[Opening The input section]

(* Consider the two-layer multi-item order fulfillment problem described in the context with a single FDC ($K=1$), fixed costs $f_0\ge0$, $f_1>0$, and variable costs in $[a,b]$ for constants $b>a>0$. Let \textsc{Better-of-Two} run \textsc{Cost-Comparison AdjV-Priority} whenever $f_0\le f_1$ or $1+\max\{f_0/f_1,\sqrt{b/a}\}\le(4+\sqrt2)\max\{\sqrt{f_0/(2a)},\sqrt{b/a}\}$, and otherwise run \textsc{Order-Size AdjV-Priority} with $\eta=\sqrt{\max\{f_0/2,b\}/a}$ and $\theta=f_0/(2a\eta)$. Then \[\mathfrak R(\textsc{Better-of-Two})\le\min\left\{1+\max\left\{\frac{f_0}{f_1},\sqrt{\frac ba}\right\},\ B\right\}\le\max\left\{\min\left\{2\frac{f_0}{f_1},\ (2\sqrt2+1)\sqrt{\frac{f_0}{a}}\right\},\ (4+\sqrt2)\sqrt{\frac ba}\right\},\] where $B=(4+\sqrt2)\sqrt{\max\{f_0/2,b\}/a}$ if $f_0\ge f_1$ and $B=+\infty$ if $f_0<f_1$.
   Context: Problem with one FDC (index $1$) and one RDC (index $0$, unlimited inventory). The FDC initially holds $I_{1,0}^i\ge0$ units of item $i\in[n]$, never replenished. In periods $t=1,\dots,T$ an order $\boldsymbol S_t=(S_t^i)_i$ of nonnegative integers arrives; the policy must immediately and irrevocably choose $m_{0,t}^i,m_{1,t}^i\ge0$ with $m_{0,t}^i+m_{1,t}^i=S_t^i$ and $m_{1,t}^i\le I_{1,t-1}^i$, where $I_{1,t}^i=I_{1,0}^i-\sum_{\tau\le t}m_{1,\tau}^i$. Period cost $\sum_{k=0,1}[f_k\mathbb{I}(\sum_im_{k,t}^i>0)+\sum_ic_{k,t}^im_{k,t}^i]$; total cost is the sum. Online policies use only fixed costs, initial inventories, constants $a,b$ and orders/variable costs up to the current period. $\mathfrak R(\mathrm{ALG})$ is the supremum of (expected) policy cost over offline optimal cost, over all $n,T$, initial inventories, variable costs in $[a,b]$ and order sequences. \textsc{Cost-Comparison AdjV-Priority}: in period $t$, for each $i$, $\hat m_{1,t}^i=\min\{S_t^i,I_{1,t-1}^i\}$ if $c_{1,t}^i<\sqrt{a/b}\,c_{0,t}^i$ else $0$, $\hat m_{0,t}^i=S_t^i-\hat m_{1,t}^i$; if $\sum_{k=0,1}[f_k\mathbb{I}(\sum_i\hat m_{k,t}^i>0)+\sum_ic_{k,t}^i\hat m_{k,t}^i]>f_0+\sum_ic_{0,t}^iS_t^i$ then the whole order is fulfilled from the RDC, otherwise $m=\hat m$. \textsc{Order-Size AdjV-Priority} with parameters $\eta\ge1,\theta\ge0$: in period $t$, for each $i$, $\hat m_{1,t}^i=\min\{S_t^i,I_{1,t-1}^i\}$ if $c_{1,t}^i<c_{0,t}^i/\eta$ else $0$, $\hat m_{0,t}^i=S_t^i-\hat m_{1,t}^i$; if $\sum_iS_t^i\le\theta$ and $I_{1,t-1}^i\ge S_t^i$ for all $i$, the whole order is fulfilled from the FDC, otherwise $m=\hat m$. *)

From Stdlib Require Import Reals Lra Lia List.
Open Scope R_scope.

Fixpoint sumR (k : nat) (f : nat -> R) : R :=
  match k with O => 0 | S k' => sumR k' f + f k' end.

Fixpoint sumN (k : nat) (f : nat -> nat) : nat :=
  match k with O => O | S k' => (sumN k' f + f k')%nat end.

(* An instance: n items (indexed 0..n-1), periods 1..T.
   ord t i = S_t^i, c0 t i = c_{0,t}^i, c1 t i = c_{1,t}^i, I0 i = I_{1,0}^i.
   A decision in period t is given by m1 : nat -> nat (item -> m_{1,t}^i);
   m_{0,t}^i = S_t^i - m_{1,t}^i. *)

Definition indic (b : bool) : R := if b then 1 else 0.

Definition anypos (n : nat) (m : nat -> nat) : bool :=
  existsb (fun i => Nat.ltb 0 (m i)) (seq 0 n).

Definition period_cost (f0 f1 : R) (n : nat) (St : nat -> nat)
  (c0t c1t : nat -> R) (m1 : nat -> nat) : R :=
  let m0 := fun i => (St i - m1 i)%nat in
  f0 * indic (anypos n m0) + f1 * indic (anypos n m1)
  + sumR n (fun i => c0t i * INR (m0 i) + c1t i * INR (m1 i)).

Definition cc_decision (f0 f1 a b : R) (n : nat) (St : nat -> nat)
  (c0t c1t : nat -> R) (I : nat -> nat) : nat -> nat :=
  let mhat := fun i => if Rlt_dec (c1t i) (sqrt (a / b) * c0t i)
                       then Nat.min (St i) (I i) else O in
  if Rlt_dec (f0 + sumR n (fun i => c0t i * INR (St i)))
             (period_cost f0 f1 n St c0t c1t mhat)
  then (fun _ => O) else mhat.

Definition os_decision (eta theta : R) (n : nat) (St : nat -> nat)
  (c0t c1t : nat -> R) (I : nat -> nat) : nat -> nat :=
  let mhat := fun i => if Rlt_dec (c1t i) (c0t i / eta)
                       then Nat.min (St i) (I i) else O in
  if Rle_dec (INR (sumN n St)) theta then
    if forallb (fun i => Nat.leb (St i) (I i)) (seq 0 n) then St else mhat
  else mhat.

(* A (deterministic, online) decision rule: period-t data and current
   inventory -> m_{1,t}. *)
Definition rule := (nat -> nat) -> (nat -> R) -> (nat -> R) -> (nat -> nat) -> nat -> nat.

Fixpoint run (f0 f1 : R) (n : nat) (I0 : nat -> nat) (ord : nat -> nat -> nat)
  (c0 c1 : nat -> nat -> R) (dec : rule) (k : nat) : (nat -> nat) * R :=
  match k with
  | O => (I0, 0)
  | S k' =>
      let (I, C) := run f0 f1 n I0 ord c0 c1 dec k' in
      let t := S k' in
      let m1 := dec (ord t) (c0 t) (c1 t) I in
      (fun i => (I i - m1 i)%nat, C + period_cost f0 f1 n (ord t) (c0 t) (c1 t) m1)
  end.

Definition policy_cost f0 f1 n I0 ord c0 c1 (dec : rule) (T : nat) : R :=
  snd (run f0 f1 n I0 ord c0 c1 dec T).

Definition use_cc (f0 f1 a b : R) : Prop :=
  f0 <= f1 \/
  1 + Rmax (f0 / f1) (sqrt (b / a))
    <= (4 + sqrt 2) * Rmax (sqrt (f0 / (2 * a))) (sqrt (b / a)).

Definition bot_eta (f0 a b : R) : R := sqrt (Rmax (f0 / 2) b / a).
Definition bot_theta (f0 a b : R) : R := f0 / (2 * a * bot_eta f0 a b).

Definition better_of_two (f0 f1 a b : R) (n : nat) : rule :=
  if Rle_dec f0 f1 then cc_decision f0 f1 a b n
  else if Rle_dec (1 + Rmax (f0 / f1) (sqrt (b / a)))
                  ((4 + sqrt 2) * Rmax (sqrt (f0 / (2 * a))) (sqrt (b / a)))
  then cc_decision f0 f1 a b n
  else os_decision (bot_eta f0 a b) (bot_theta f0 a b) n.

Definition feasible (n T : nat) (I0 : nat -> nat) (ord : nat -> nat -> nat)
  (m1 : nat -> nat -> nat) : Prop :=
  forall t i, (1 <= t <= T)%nat -> (i < n)%nat ->
    (m1 t i <= ord t i)%nat /\
    (sumN t (fun s => m1 (S s) i) <= I0 i)%nat.

Definition plan_cost f0 f1 (n T : nat) (ord : nat -> nat -> nat)
  (c0 c1 : nat -> nat -> R) (m1 : nat -> nat -> nat) : R :=
  sumR T (fun s => period_cost f0 f1 n (ord (S s)) (c0 (S s)) (c1 (S s)) (m1 (S s))).

Definition costs_in (a b : R) (n T : nat) (c : nat -> nat -> R) : Prop :=
  forall t i, (1 <= t <= T)%nat -> (i < n)%nat -> a <= c t i <= b.

(* First bound: min{1 + max{f0/f1, sqrt(b/a)}, B}, B = +oo if f0 < f1. *)
Definition bound1 (f0 f1 a b : R) : R :=
  let X := 1 + Rmax (f0 / f1) (sqrt (b / a)) in
  let B := (4 + sqrt 2) * sqrt (Rmax (f0 / 2) b / a) in
  if Rlt_dec f0 f1 then X else Rmin X B.

Definition bound2 (f0 f1 a b : R) : R :=
  Rmax (Rmin (2 * (f0 / f1)) ((2 * sqrt 2 + 1) * sqrt (f0 / a)))
       ((4 + sqrt 2) * sqrt (b / a)).

From Stdlib Require Import Reals Lra Lia List.
Open Scope R_scope.

(* Each rule is compared, period by period, with an arbitrary feasible offline plan [m]
   through a potential.  In a period where the policy ships [x] from the FDC while holding
   stock [I], it is credited [W] per unit of [(x - m)^+] and charged [W] per unit of
   [(m - I)^+].  Over the horizon the charges never exceed the credits, item by item: the
   policy can only have less stock than the plan needs after having shipped more than the
   plan.  Hence the per-period inequality
     cost(x) + W (x - m)^+  <=  K cost(m) + W (m - I)^+
   makes the policy [K]-competitive.  Cost-Comparison satisfies it with [W = b] and
   [K = 1 + max (f0/f1) (sqrt (b/a))]; Order-Size with [W = f0 + b] and [K = 4 eta], which
   is below [B = (4 + sqrt 2) eta].  In both (Cost-Comparison has [eta = sqrt (b/a)]), an
   item sent to the FDC has [c0 > eta c1 >= eta a], so its RDC cost pays for [W]; an order of Order-Size served
   entirely by the FDC is either small (cost at most [f1 + b theta]) or pays for [f0]
   through its size or through a stock-out. *)

Lemma sumR_ext k f g : (forall i, (i < k)%nat -> f i = g i) -> sumR k f = sumR k g.
Proof.
  induction k as [|k IH]; intros H; simpl; [reflexivity|].
  rewrite IH, H; [reflexivity|lia|intros; apply H; lia].
Qed.

Lemma sumR_le k f g : (forall i, (i < k)%nat -> f i <= g i) -> sumR k f <= sumR k g.
Proof.
  induction k as [|k IH]; intros H; simpl; [lra|].
  assert (f k <= g k) by (apply H; lia).
  assert (sumR k f <= sumR k g) by (apply IH; intros; apply H; lia).
  lra.
Qed.

Lemma sumR_add k f g : sumR k (fun i => f i + g i) = sumR k f + sumR k g.
Proof. induction k as [|k IH]; simpl; [lra|]. rewrite IH. lra. Qed.

Lemma sumR_scal k c f : sumR k (fun i => c * f i) = c * sumR k f.
Proof. induction k as [|k IH]; simpl; [lra|]. rewrite IH. lra. Qed.

Lemma sumR_nonneg k f : (forall i, (i < k)%nat -> 0 <= f i) -> 0 <= sumR k f.
Proof.
  intros H. replace 0 with (sumR k (fun _ => 0)).
  - apply sumR_le. exact H.
  - induction k as [|k IH]; simpl; [reflexivity|]. rewrite IH by (intros; apply H; lia). lra.
Qed.

Lemma sumR_0 k f : (forall i, (i < k)%nat -> f i = 0) -> sumR k f = 0.
Proof.
  induction k as [|k IH]; intros H; simpl; [reflexivity|].
  rewrite IH, H; [lra|lia|intros; apply H; lia].
Qed.

Lemma sumR_ge_term k f i :
  (i < k)%nat -> (forall j, (j < k)%nat -> 0 <= f j) -> f i <= sumR k f.
Proof.
  induction k as [|k IH]; intros Hi H; simpl; [lia|].
  assert (0 <= sumR k f) by (apply sumR_nonneg; intros; apply H; lia).
  destruct (Nat.eq_dec i k) as [->|Hne]; [lra|].
  assert (f i <= sumR k f) by (apply IH; [lia|intros; apply H; lia]).
  assert (0 <= f k) by (apply H; lia).
  lra.
Qed.

Lemma sumR_INR k g : sumR k (fun i => INR (g i)) = INR (sumN k g).
Proof. induction k as [|k IH]; simpl; [reflexivity|]. rewrite IH, plus_INR. reflexivity. Qed.

Lemma sumR_weighted_bounds lo hi n (c : nat -> R) (x : nat -> nat) :
  (forall i, (i < n)%nat -> lo <= c i <= hi) ->
  lo * INR (sumN n x) <= sumR n (fun i => c i * INR (x i)) <= hi * INR (sumN n x).
Proof.
  intros Hc. rewrite <- sumR_INR, <- !sumR_scal.
  split; apply sumR_le; intros i Hi; apply Rmult_le_compat_r; try apply pos_INR; apply Hc, Hi.
Qed.

Lemma sumR_comm T n F :
  sumR T (fun t => sumR n (fun i => F t i)) = sumR n (fun i => sumR T (fun t => F t i)).
Proof.
  induction T as [|T IH]; simpl.
  - symmetry. apply sumR_0. reflexivity.
  - rewrite IH, <- sumR_add. reflexivity.
Qed.

Lemma anypos_spec n m : anypos n m = true <-> exists i, (i < n)%nat /\ (0 < m i)%nat.
Proof.
  unfold anypos. rewrite existsb_exists. split.
  - intros [i [Hi Hm]]. apply in_seq in Hi. apply Nat.ltb_lt in Hm. exists i. split; lia.
  - intros [i [Hi Hm]]. exists i. split; [apply in_seq; lia|apply Nat.ltb_lt; exact Hm].
Qed.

[Closing The input section]

## Your goal
Above are the lines; repeat exactly the ones from the line containing "if f0 < f1. *)" down to the line containing "is below [B", both inclusive.

## Reply
(* First bound: min{1 + max{f0/f1, sqrt(b/a)}, B}, B = +oo if f0 < f1. *)
Definition bound1 (f0 f1 a b : R) : R :=
  let X := 1 + Rmax (f0 / f1) (sqrt (b / a)) in
  let B := (4 + sqrt 2) * sqrt (Rmax (f0 / 2) b / a) in
  if Rlt_dec f0 f1 then X else Rmin X B.

Definition bound2 (f0 f1 a b : R) : R :=
  Rmax (Rmin (2 * (f0 / f1)) ((2 * sqrt 2 + 1) * sqrt (f0 / a)))
       ((4 + sqrt 2) * sqrt (b / a)).

From Stdlib Require Import Reals Lra Lia List.
Open Scope R_scope.

(* Each rule is compared, period by period, with an arbitrary feasible offline plan [m]
   through a potential.  In a period where the policy ships [x] from the FDC while holding
   stock [I], it is credited [W] per unit of [(x - m)^+] and charged [W] per unit of
   [(m - I)^+].  Over the horizon the charges never exceed the credits, item by item: the
   policy can only have less stock than the plan needs after having shipped more than the
   plan.  Hence the per-period inequality
     cost(x) + W (x - m)^+  <=  K cost(m) + W (m - I)^+
   makes the policy [K]-competitive.  Cost-Comparison satisfies it with [W = b] and
   [K = 1 + max (f0/f1) (sqrt (b/a))]; Order-Size with [W = f0 + b] and [K = 4 eta], which
   is below [B = (4 + sqrt 2) eta].  In both (Cost-Comparison has [eta = sqrt (b/a)]), an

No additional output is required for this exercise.